The Whisky Industry Faces Its Biggest Test in Decades

I was in Speyside before Christmas, visiting a distillery that my family has bought bottles from for as long as I can remember. The warehouse was full. Not in the proud, prosperous way that suggests booming demand, but in the anxious way that suggests stock is not moving as fast as anyone would like. The manager, a man I have known for years, put it plainly: “We are making more whisky than the world is buying right now.”

The Scotch whisky industry is worth roughly 6 billion pounds in exports annually. It supports tens of thousands of jobs, many of them in rural communities where alternative employment barely exists. For decades, it has been one of Scotland’s most reliable economic success stories. But the industry is now facing a convergence of pressures that, taken together, represent the most serious challenge it has encountered since the downturn of the 1980s.

Start with tariffs. The United States has historically been the largest single market for Scotch whisky, and the relationship has been turbulent.
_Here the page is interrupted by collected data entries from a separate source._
(* Consider the error system with adaptive control $u_{\mathrm{adapt}}=-\hat W^\top\beta(e)$ and static update law $\hat W(t)=K\beta(e(t))B^\top Pe(t)$, where $K=\alpha K_{\mathrm b}$ with $\alpha>0$ and $0<K_{\mathrm b}\in\mathrm S^{n_\beta}$, and $0<P,Q\in\mathrm S^n$ satisfy $Q=-(A^\top P+PA)$. Assume $\mathscr b:=\inf_{x\in\mathbb R^n}\beta(x)^\top K_{\mathrm b}\beta(x)>0$ and $|\eta(t)|\le\eta^\star$ for all $t\ge0$. Let $\gamma\in[0,1)$ and $\mu>0$, and define $$r_{\mathrm e}=\sqrt{\frac{\lambda_{\max}(P)}{g(\alpha\mathscr b\gamma,Q,PB)\,\lambda_{\min}(P)}}\;\sqrt{\frac{W^\top K_{\mathrm b}^{-1}W+\frac{{\eta^\star}^2}{\mathscr b(1-\gamma)}}{\alpha}+\mu}.$$ Then for every closed-loop solution there exists $T_{\mathrm e}\ge0$ such that $\|e(t)\|\le r_{\mathrm e}$ for all $t\ge T_{\mathrm e}$.
   Context: Error system: $\dot e=Ae+B(u_{\mathrm{adapt}}+W^\top\beta(e)+\eta)$ with $e(t)\in\mathbb R^n$, $A\in\mathbb R^{n\times n}$ Hurwitz, $B\in\mathbb R^n$, $\beta:\mathbb R^n\to\mathbb R^{n_\beta}$ known, $W\in\mathbb R^{n_\beta}$ unknown constant, $\eta(t)\in\mathbb R$; Assumption 1: there is a non-decreasing $\alpha_\beta:[0,\infty)\to[0,\infty)$ with $\|\beta(x)\|\le\alpha_\beta(\|x\|)$ for all $x$. Closed-loop solutions are assumed to exist on $[0,\infty)$. $\mathrm S^k$: real symmetric $k\times k$ matrices. $g(\phi,Q,v)=\lambda_{\min}(Q+\phi\,vv^\top)$. *)

From HB Require Import structures.
From mathcomp Require Import all_boot all_order all_algebra.
From mathcomp Require Import all_classical all_reals all_analysis.
From mathcomp Require Import complex.
Set Implicit Arguments. Unset Strict Implicit. Unset Printing Implicit Defensive.
Import Order.TTheory GRing.Theory Num.Theory.
Import numFieldNormedType.Exports.
Local Open Scope classical_set_scope.
Local Open Scope ring_scope.

Section Defs.
Variable R : realType.

Definition dotc (k : nat) (x y : 'cV[R]_k) : R := (x^T *m y) 0 0.

Definition enorm (k : nat) (x : 'cV[R]_k) : R := Num.sqrt (dotc x x).

Definition symmetric (k : nat) (M : 'M[R]_k) : Prop := M^T = M.

Definition posdef (k : nat) (M : 'M[R]_k) : Prop :=
  symmetric M /\ forall x : 'cV[R]_k, x != 0 -> 0 < dotc x (M *m x).

Definition lambda_min (k : nat) (M : 'M[R]_k) : R := inf [set a : R | eigenvalue M a].
Definition lambda_max (k : nat) (M : 'M[R]_k) : R := sup [set a : R | eigenvalue M a].

Definition gfun (k : nat) (phi : R) (Q : 'M[R]_k) (v : 'cV[R]_k) : R :=
  lambda_min (Q + phi *: (v *m v^T)).

(* Hurwitz: all (complex) eigenvalues, i.e. roots of the characteristic
   polynomial, have negative real part *)
Definition hurwitz (k : nat) (A : 'M[R]_k) : Prop :=
  forall z : complex R, root (map_poly (fun c : R => Complex c 0) (char_poly A)) z ->
    complex.Re z < 0.

Definition nondecreasing_on_nonneg (f : R -> R) : Prop :=
  forall x y : R, 0 <= x -> x <= y -> f x <= f y.

End Defs.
The 25 percent tariff imposed during the Airbus/Boeing dispute cost the industry an estimated 600 million pounds in lost exports before it was suspended. The threat of renewed tariffs under the current American administration has created deep uncertainty. Distillers I have spoken with describe a planning environment where they simply cannot predict what the cost of selling into America will be six months from now. For an industry that thinks in decades (you cannot rush the ageing of whisky), this kind of short term unpredictability is genuinely damaging.
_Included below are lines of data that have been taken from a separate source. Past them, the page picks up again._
(* Every lattice $L$ is embeddable as a lattice in a lattice $L'$ such that $\mathrm{id}(L')$ is embeddable as a lattice in $L'$. Likewise, every upper semilattice $S$ is embeddable as an upper semilattice in an upper semilattice $S'$ such that $\mathrm{id}(S')$ is embeddable as an upper semilattice in $S'$; and every poset $P$ is embeddable as a poset in a poset $P'$ such that $\mathrm{id}(P')$ is embeddable as a poset in $P'$.
   Context: For a poset $P$, an ideal of $P$ is an upward directed downset of $P$ (a downset $d$ satisfies $x\le y\in d\Rightarrow x\in d$; upward directed means every two elements of the set have a common upper bound in the set). $\mathrm{id}(P)$ denotes the set of all nonempty ideals of $P$, ordered by inclusion. For $L$ a lattice, $\mathrm{id}(L)$ is a lattice (meet is intersection, join is the ideal generated by the union); for $S$ an upper semilattice, $\mathrm{id}(S)$ is an upper semilattice under the same join. *)

From HB Require Import structures.
From mathcomp Require Import all_boot all_order.
Set Implicit Arguments. Unset Strict Implicit. Unset Printing Implicit Defensive.
Import Order.Theory.
Local Open Scope order_scope.

Section Ideals.
Context {d : Order.disp_t} {T : porderType d}.

Definition is_downset (A : T -> Prop) : Prop :=
  forall x y : T, x <= y -> A y -> A x.

Definition is_up_directed (A : T -> Prop) : Prop :=
  forall x y : T, A x -> A y -> exists2 z, A z & (x <= z) && (y <= z).

Definition is_ideal (A : T -> Prop) : Prop :=
  [/\ exists x, A x, is_downset A & is_up_directed A].

Definition same_set (A B : T -> Prop) : Prop := forall x, A x <-> B x.

Definition subset (A B : T -> Prop) : Prop := forall x, A x -> B x.

Definition ideal_meet (A B : T -> Prop) : T -> Prop := fun x => A x /\ B x.

Definition ideal_join (A B : T -> Prop) : T -> Prop :=
  fun x => forall C : T -> Prop, is_ideal C ->
    (forall y, A y -> C y) -> (forall y, B y -> C y) -> C x.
The European Union remains important, but post-Brexit trade friction has added cost and complexity to every shipment. India, which represents an enormous potential market, maintains tariffs of 150 percent on imported spirits. Negotiations to reduce that figure have dragged on for years. The prize is vast: India’s middle class is growing rapidly and has demonstrated a strong appetite for premium spirits. But every year of delay is a year in which Indian domestic whisky brands, some of them now excellent, consolidate their hold on the market.

Beyond trade policy, consumer habits are shifting in ways that should concern the industry. Younger drinkers across key markets are consuming less alcohol overall. The rise of the “sober curious” movement is not a fringe trend; it is showing up in sales data across the drinks sector. When younger consumers do drink, they are more likely to reach for tequila, mezcal, Japanese whisky, or craft gin than for a bottle of Scotch. The Scotch Whisky Association’s own figures show that while overall export value has held up reasonably well, volumes have been under pressure.

I have heard some in the industry dismiss these trends as cyclical. Scotch has weathered shifts in fashion before, they argue, and it will do so again. There is truth in that. But I think there is also a complacency that could prove costly. Japanese whisky barely existed as a global category fifteen years ago. Now Suntory and Nikka command prices and prestige that rival the finest Scottish single malts. That did not happen by accident. It happened because Japanese producers invested heavily in quality, marketing, and storytelling while some Scottish brands relied on heritage alone.

The good news is that parts of the industry are adapting intelligently. Diageo’s investment in visitor experiences, from the Johnnie Walker Princes Street attraction in Edinburgh to upgraded distillery tours across Scotland, shows an understanding that selling whisky in the modern era requires selling an experience, not just a liquid. Smaller producers are experimenting with cask finishes, collaborations, and direct to consumer sales models that bypass traditional distribution. The growth in Scotch whisky tourism, with distillery visits now numbering over two million annually, is creating a new generation of engaged consumers who have a personal connection to the product.

But the structural challenges remain formidable. Energy costs have risen sharply, and distilling is an energy intensive process. Barley prices have been volatile. The supply of quality oak casks, essential for maturation, has become more competitive and expensive as bourbon and wine producers around the world expand. These input costs squeeze margins, particularly for smaller independent distillers who lack the economies of scale enjoyed by the major groups.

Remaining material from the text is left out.